Corrigé de dissertation
Sujet
A quelles conditions les instruments des politiques climatiques peuvent-ils pallier les défaillances du
marché ?
Introduction
Le climat est un bien collectif mondial. Essentiel aux hommes, mais aussi non excluable et non rival, il
n’est pas correctement valorisé par le marché. Ce dernier se révèle incapable de refléter dans ses prix les
atteintes faites au climat par les activités économiques. Par exemple, le prix des énergies fossiles
génératrices de gaz à effet de serre reflète leur coût d’extraction et leur rareté, mais pas les coûts du
réchauffement climatique. Le marché est donc défaillant puisqu’il ne tient pas compte des externalités
négatives sur le climat et fournit de mauvais signaux aux agents économiques, qui les encouragent à
continuer à polluer. Au final, le niveau de pollution généré par la régulation marchande est trop élevé
pour assurer le bien-être des générations futures.
Ces défaillances du marché justifient que les pouvoirs publics, à différents niveaux (local, national,
supranational), prennent des mesures pour atténuer le réchauffement climatique. Ils disposent en la
matière de trois instruments principaux, dont l’un est réglementaire (les normes) et les deux autres sont
économiques (taxes et quotas assortis de marchés des droits d’émission)
Les pouvoirs publics font face à un dilemme. Si la mise en œuvre des instruments est trop couteuse, il y a
un risque que les acteurs ne suivent pas (que l’on songe au rejet actuel de l’écotaxe en Bretagne). A
l’inverse, si on veut réduire fortement le coût de la mise en œuvre on risque de ne pas atteindre les
objectifs poursuivis. A quelles conditions peut-on assurer à la fois l’adhésion de tous à la lutte contre le
réchauffement climatique et l’efficacité de ces politiques ?

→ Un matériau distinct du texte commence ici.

Lemma good_index_exists k l N : exists n, good_index k l N n.
Proof.
  destruct (separated_exists d hd l) as [m [Hm Hsep]].
  pose proof (Lk_lt_S k). pose proof (Lk_bounds (S k)).
  set (eta := (Lk (S k) - Lk k) * m / (Lk (S k) + 1)).
  assert (Heta : 0 < eta).
  { apply Rdiv_lt_0_compat; [apply Rmult_lt_0_compat |]; lra. }
  destruct (hlim eta Heta) as [N0 HN0].
  set (n := Nat.max N0 (S N)).
  specialize (HN0 n ltac:(lia)). unfold R_dist in HN0.
  rewrite Rminus_0_r, Rabs_pos_eq in HN0 by apply (dist_nonneg d hd).
  exists n. split; [lia |]. exists m. split; [exact Hm | split; [exact Hsep |]].
  apply Rmult_lt_compat_l with (r := Lk (S k) + 1) in HN0; [| lra].
  unfold eta in HN0.
  replace ((Lk (S k) + 1) * ((Lk (S k) - Lk k) * m / (Lk (S k) + 1)))
    with ((Lk (S k) - Lk k) * m) in HN0 by (field; lra).
  lra.
Qed.

Definition next_index (k : nat) (l : list X) (N : nat) : nat :=
  proj1_sig (constructive_indefinite_description _ (good_index_exists k l N)).

(* After [k] steps: the points fixed so far, and the last index used. *)
Fixpoint chosen (k : nat) : list X * nat :=
  match k with
  | O => (x0 :: nil, O)
  | S k => let n := next_index k (fst (chosen k)) (snd (chosen k)) in
           (x n :: y n :: fst (chosen k), n)
  end.

Definition nk (k : nat) : nat := snd (chosen (S k)).

Lemma nk_good k : good_index k (fst (chosen k)) (snd (chosen k)) (nk k).
Proof. exact (proj2_sig (constructive_indefinite_description _ (good_index_exists _ _ _))). Qed.

Lemma nk_increasing k : (nk k < nk (S k))%nat.
Proof. exact (proj1 (nk_good (S k))). Qed.

Section Interpolant.
Variable alpha : nat -> R.
Hypothesis halpha : forall k, Rabs (alpha k) <= 1.

Fixpoint partial_graph (k : nat) : list (X * R) :=
  match k with
  | O => (x0, 0) :: nil
  | S k => let p := x (nk k) in let q := y (nk k) in
           extend d (Lk (S k)) ((p, 0) :: (q, - (alpha k * d p q)) :: nil) (partial_graph k)
  end.

Lemma partial_graph_points k : map fst (partial_graph k) = fst (chosen k).
Proof.
  induction k as [| k IH]; [reflexivity |].
  simpl partial_graph. unfold extend. rewrite map_app, IH. reflexivity.
Qed.

Lemma partial_graph_lip k : lip_on d (Lk k) (partial_graph k).
Proof.
  induction k as [| k IH].
  - intros a va b vb [Ha | []] [Hb | []].
    injection Ha as <- <-. injection Hb as <- <-.
    rewrite (dist_self d hd). lra.
  - destruct (nk_good k) as [_ [m [Hm [Hsep Hclose]]]].
    pose proof (Lk_bounds k). pose proof (Lk_bounds (S k)). pose proof (Lk_lt_S k).
    apply (lip_on_extend d hd _ (Lk k) m);
      [lra | lra | now rewrite partial_graph_points | exact IH |].
    set (p := x (nk k)) in *. set (q := y (nk k)) in *.
    assert (Halpha : -1 <= alpha k <= 1).
    { pose proof (halpha k). pose proof (Rle_abs (alpha k)).
      pose proof (Rle_abs (- alpha k)). rewrite Rabs_Ropp in *. lra. }
    assert (Hpq : - d p q <= alpha k * d p q <= d p q).
    { pose proof (dist_nonneg d hd p q). split; nra. }
    assert (0 < (Lk (S k) - Lk k) * m) by (apply Rmult_lt_0_compat; lra).
    intros a s b s' [Ha | [Ha | []]] [Hb | [Hb | []]];
      injection Ha as <- <-; injection Hb as <- <-;
      rewrite ?(dist_self d hd), ?(dist_sym d hd q p); split; lra.
Qed.

Lemma partial_graph_mono k j e :
  (k <= j)%nat -> In e (partial_graph k) -> In e (partial_graph j).
Proof.
  induction 1 as [| j _ IH]; [tauto |].
  intros He. apply in_or_app. right. exact (IH He).
Qed.

Lemma partial_graph_lip_Lfin k j a va b vb :
  In (a, va) (partial_graph k) -> In (b, vb) (partial_graph j) -> va - vb <= Lfin * d a b.
Proof.
  intros Ha Hb.
  pose proof (partial_graph_lip (Nat.max k j) a va b vb
    (partial_graph_mono k _ _ (Nat.le_max_l k j) Ha)
    (partial_graph_mono j _ _ (Nat.le_max_r k j) Hb)).
  pose proof (Lk_bounds (Nat.max k j)). pose proof (dist_nonneg d hd a b). nra.
Qed.

Lemma partial_graph_new_pair k : exists t,
  In (x (nk k), t + 0) (partial_graph (S k)) /\
  In (y (nk k), t + - (alpha k * d (x (nk k)) (y (nk k)))) (partial_graph (S k)).
Proof. eexists. split; [left | right; left]; reflexivity. Qed.

End Interpolant.

Lemma admissible_Lfin :
  interp_admissible d x0 (fun k => x (nk k)) (fun k => y (nk k)) Lfin.
Proof.
  pose proof Lfin_gt1. split; [lra |]. intros alpha halpha.
  destruct (mcshane_extension d hd Lfin
              (fun a va => exists k, In (a, va) (partial_graph alpha k)) x0 0)
    as [F [HFext HFlip]].
  { lra. }
  { exists O. left. reflexivity. }
  { intros a va b vb [k Ha] [j Hb].
    exact (partial_graph_lip_Lfin alpha halpha k j a va b vb Ha Hb). }
  exists F. pose proof (lip_norm_le_intro d hd F Lfin HFlip) as Hnorm.
  split; [split | split; [exact Hnorm |]].
  - apply HFext. exists O. left. reflexivity.
  - exists Lfin. exact Hnorm.
  - intros k. unfold Tcoord.
    destruct (partial_graph_new_pair alpha k) as [t [Hp Hq]].
    rewrite (HFext _ _ (ex_intro _ (S k) Hp)), (HFext _ _ (ex_intro _ (S k) Hq)).
    pose proof (dist_pos d hd _ _ (hxy (nk k))). field. lra.
Qed.

End Subsequence.

Theorem theorem4p4 (X : Type) (d : X -> X -> R) (x0 : X)
    (hd : is_metric d) (x y : nat -> X)
    (hxy : forall n, x n <> y n)
    (hlim : Un_cv (fun n => d (x n) (y n)) 0)
    (eps : R) (heps : 0 < eps < 1) :
  exists nk : nat -> nat,
    (forall k, (nk k < nk (S k))%nat) /\
    lip_interpolating d x0 (fun k => x (nk k)) (fun k => y (nk k)) /\
    exists c : R,
      is_lip_interp_const d x0 (fun k => x (nk k)) (fun k => y (nk k)) c /\
      c <= 1 / (1 - eps).
Proof.
  pose proof (admissible_Lfin X d hd x0 x y hxy hlim eps heps) as Hadm.
  exists (nk X d hd x0 x y hlim eps heps). split; [| split].
  - apply nk_increasing.
  - exact (lip_interpolating_of_admissible _ _ _ _ _ Hadm).
  - exact (lip_interp_const_exists _ _ _ _ _ Hadm).
Qed.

Nous verrons tout d’abord que si l’on veut assurer l’adhésion aux efforts d’atténuation du réchauffement,
il faut en réduire les coûts en recourant à des instruments économiques. Puis que le souci de la réalisation
des objectifs doit tout de même primer sur celui de la réduction des coûts.

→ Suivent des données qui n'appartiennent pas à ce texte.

Lemma derivation_binform c m P Q : D P = 0 ->
  D (binform c m.+1 P Q)
  = binform (fun r => D (c r)) m.+1 P Q + D Q * binform (fun r => c r.+1 *+ r.+1) m P Q.
Proof.
move=> DP; rewrite /binform (big_morph D derivationD derivation0) mulr_sumr.
rewrite big_ord_recl [X in _ = X + _]big_ord_recl /= expr0 !mulr1.
rewrite derivationM (derivationX_eq0 _ DP) mulr0 addr0 -addrA; congr (_ + _).
rewrite -big_split; apply: eq_bigr => r _ /=; rewrite /bump leq0n add1n subSS.
rewrite !derivationM (derivationX_eq0 _ DP) mulr0 addr0 derivationX; congr (_ + _).
by rewrite !mulrnAl !mulrnAr; congr (_ *+ _); rewrite mulrA [RHS]mulrC.
Qed.

Lemma derivation_binform_raise c m P Q : D P = 0 -> D Q = P ->
  D (binform c m.+1 P Q)
  = binform (fun r => D (c r) + (if (r <= m)%N then c r.+1 *+ r.+1 else 0)) m.+1 P Q.
Proof. by move=> DP DQ; rewrite derivation_binform // DQ mulr_binform binformD. Qed.

End Derivation.

Section DerivationDomain.
Variables (R : idomainType) (D : R -> R).
Hypotheses (derivationD : {morph D : x y / x + y})
  (derivationM : forall p q, D (p * q) = D p * q + p * D q)
  (charR : has_char0 R).

Lemma binform_eq0_coef c m P Q : D P = 0 -> D Q != 0 -> P != 0 ->
  (forall r, D (c r) = 0) -> binform c m P Q = 0 -> forall r, (r <= m)%N -> c r = 0.
Proof.
move=> DP DQ P0; elim: m c => [|m IHm] c Dc cPQ r.
  by rewrite leqn0 => /eqP ->; move: cPQ; rewrite /binform big_ord1 !expr0 !mulr1.
have shift0 r' : (r' <= m)%N -> c r'.+1 = 0.
  have Dc0 : binform (fun r => D (c r)) m.+1 P Q = 0.
    by rewrite /binform big1 // => r'' _; rewrite Dc !mul0r.
  have := congr1 D cPQ; rewrite (derivation0 derivationD).
  rewrite (derivation_binform derivationD derivationM) // Dc0 add0r.
  move/eqP; rewrite mulf_eq0 (negbTE DQ) /= => /eqP /IHm shift r'm.
  have Dshift r'' : D (c r''.+1 *+ r''.+1) = 0 by rewrite (derivationMn derivationD) Dc mul0rn.
  apply/eqP; have /eqP := shift Dshift r' r'm.
  by rewrite -mulr_natr mulf_eq0 (pcharf0P _).1 // orbF.
case: r => [_|r]; last exact: shift0.
move: cPQ; rewrite /binform big_ord_recl big1 => [|r' _]; last first.
  by rewrite lift0 shift0 ?mul0r // -ltnS.
rewrite addr0 expr0 mulr1 subn0 => /eqP; rewrite mulf_eq0 expf_eq0 (negbTE P0) andbF orbF.
by move/eqP.
Qed.

End DerivationDomain.

Section MPolyCalculus.
Variable R : comRingType.

Lemma mpoly_ring_ind n (P : {mpoly R[n]} -> Prop) :
  (forall c, P c%:MP) -> (forall i, P 'X_i) ->
  (forall p q, P p -> P q -> P (p + q)) ->
  (forall p q, P p -> P q -> P (p * q)) -> forall p, P p.
Proof.
move=> PC PX PD PM; elim/mpolyind => [|c m p _ _ Pp]; first by rewrite -mpolyC0.
apply: (PD) => //; rewrite -mul_mpolyC; apply: (PM) => //.
rewrite mpolyXE_id; apply: (big_ind P) => [|x y|i _]; [by rewrite -mpolyC1 | exact: PM|].
by elim: (m i) => [|k IHk]; [rewrite expr0 -mpolyC1 | rewrite exprS; apply: (PM)].
Qed.

Lemma mderivXU n (i j : 'I_n) : ('X_i : {mpoly R[n]})^`M(j) = (i == j)%:R.
Proof.
rewrite mderivX mnm1E; case: eqP => [->|_]; last by rewrite scale0r.
have -> : (U_(j) - U_(j))%MM = 0%MM by apply/mnmP => k; rewrite mnmBE subnn mnm0E.
by rewrite mpolyX0 scale1r.
Qed.

Lemma mderiv_comp n k (lq : n.-tuple {mpoly R[k]}) (p : {mpoly R[n]}) j :
  (p \mPo lq)^`M(j) = \sum_(i < n) (p^`M(i) \mPo lq) * (tnth lq i)^`M(j).
Proof.
elim/mpoly_ring_ind: p => [c|i|p q IHp IHq|p q IHp IHq].
- by rewrite comp_mpolyC mderivC big1 // => i _; rewrite mderivC comp_mpoly0 mul0r.
- rewrite comp_mpolyXU -tnth_nth (bigD1 i) //= mderivXU eqxx comp_mpoly1 mul1r.
  by rewrite big1 ?addr0 // => i' /negbTE; rewrite mderivXU eq_sym => ->; rewrite comp_mpoly0 mul0r.
- rewrite raddfD mderivD IHp IHq -big_split /=.
  by apply: eq_bigr => i _; rewrite mderivD raddfD mulrDl.
- rewrite rmorphM mderivM IHp IHq mulr_suml mulr_sumr -big_split /=.
  by apply: eq_bigr => i _; rewrite mderivM raddfD /= !rmorphM /=; ring.
Qed.

Lemma comp_mpolyA n k l (lq : n.-tuple {mpoly R[k]}) (lr : k.-tuple {mpoly R[l]})
    (p : {mpoly R[n]}) :
  (p \mPo lq) \mPo lr = p \mPo [tuple tnth lq i \mPo lr | i < n].
Proof.
elim/mpoly_ring_ind: p => [c|i|p q IHp IHq|p q IHp IHq].
- by rewrite !comp_mpolyC.
- by rewrite !comp_mpolyXU -!tnth_nth tnth_map tnth_ord_tuple.
- by rewrite !raddfD /= IHp IHq.
- by rewrite !rmorphM /= IHp IHq.
Qed.
End MPolyCalculus.

Lemma mderiv_map_mpoly n (R S : comRingType) (f : {rmorphism R -> S})
    (p : {mpoly R[n]}) j :
  (map_mpoly f p)^`M(j) = map_mpoly f p^`M(j).
Proof.
elim/mpoly_ring_ind: p => [c|i|p q IHp IHq|p q IHp IHq].
- by rewrite map_mpolyC !mderivC rmorph0.
- by rewrite map_mpolyX !mderivXU rmorph_nat.
- by rewrite !raddfD /= IHp IHq.
- by rewrite !rmorphM /= !mderivM IHp IHq raddfD /= !rmorphM.
Qed.

Lemma has_char0_mpoly n (R : idomainType) : has_char0 R -> has_char0 {mpoly R[n]}.
Proof.
by move/pcharf0P => charR; apply/pcharf0P => k; rewrite -mpolyC_nat mpolyC_eq0 charR.
Qed.

Lemma meval_neq0 n (R : comRingType) (v : 'I_n -> R) (p : {mpoly R[n]}) :
  p.@[v] != 0 -> p != 0.
Proof. by apply: contraNneq => ->; rewrite meval0. Qed.

Section VectorField.
Variables (n : nat) (R : comRingType) (u v : {mpoly R[n]}) (i j : 'I_n).

Definition mvfield (p : {mpoly R[n]}) := u * p^`M(i) + v * p^`M(j).

Lemma mvfield_is_additive : additive mvfield.
Proof. by move=> p q; rewrite /mvfield !mderivB; ring. Qed.

HB.instance Definition _ :=
  GRing.isAdditive.Build {mpoly R[n]} {mpoly R[n]} mvfield mvfield_is_additive.

Lemma mvfieldM p q : mvfield (p * q) = mvfield p * q + p * mvfield q.
Proof. by rewrite /mvfield !mderivM; ring. Qed.

Lemma mvfieldD : {morph mvfield : p q / p + q}.
Proof. exact: raddfD. Qed.

Lemma mvfieldXU l : mvfield 'X_l = u * (l == i)%:R + v * (l == j)%:R.
Proof. by rewrite /mvfield !mderivXU. Qed.

Lemma mvfield_sum p : mvfield p = \sum_l p^`M(l) * mvfield 'X_l.
Proof.
have pick_coef w (h : 'I_n) : \sum_l p^`M(l) * (w * (l == h)%:R) = w * p^`M(h).
  rewrite (bigD1 h) //= eqxx mulr1 mulrC big1 ?addr0 // => l /negbTE ->.
  by rewrite mulr0 mulr0.
under eq_bigr => l _ do rewrite mvfieldXU mulrDr.
by rewrite big_split /= !pick_coef.
Qed.

Lemma mvfield_chain k (lq : k.-tuple {mpoly R[n]}) (p : {mpoly R[k]}) :
  mvfield (p \mPo lq) = \sum_l (p^`M(l) \mPo lq) * mvfield (tnth lq l).
Proof.
rewrite /mvfield !mderiv_comp !mulr_sumr -big_split; apply: eq_bigr => l _ /=.
by rewrite mulrDr mulrCA [v * _]mulrCA.
Qed.

End VectorField.

Lemma mvfieldN n (R : comRingType) (u v : {mpoly R[n]}) i j p :
  mvfield (- u) (- v) i j p = - mvfield u v i j p.
Proof. by rewrite /mvfield !mulNr opprD. Qed.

I. A condition que les instruments économiques en réduisent le coût
La lutte contre le changement climatique a un coût. Le renchérissement du prix de l’énergie, par exemple,
augmente les prix des produits et services, et réduit le pouvoir. Indirectement, la croissance et l’emploi
sont affectés négativement à court terme. Surtout si les mesures sont prises au niveau national, ce qui peut
nuire à la compétitivité.
I. 1. Les taxes et les marchés de quotas d’émission sont économiquement efficaces
Les taxes et marchés de quotas d’émission permettent de réduire le coût de la dépollution. En effet, une
taxe est plus flexible qu’une norme. Les agents économiques pour qui le coût de la dépollution est
supérieur à la taxe peuvent continuer à polluer et payer la taxe. A l’inverse, ceux pour qui le coût de la
dépollution (par ex prendre les transports en commun au lieu de sa voiture individuelle) est plus faible
que le taxe ont intérêt à réduire leurs émissions. Ainsi, les efforts de réduction des émissions sont
effectués par les agents à qui il coute moins de les réaliser. On arrive au même résultat en termes de
réduction des émissions, mais à moindre coût que via la réglementation.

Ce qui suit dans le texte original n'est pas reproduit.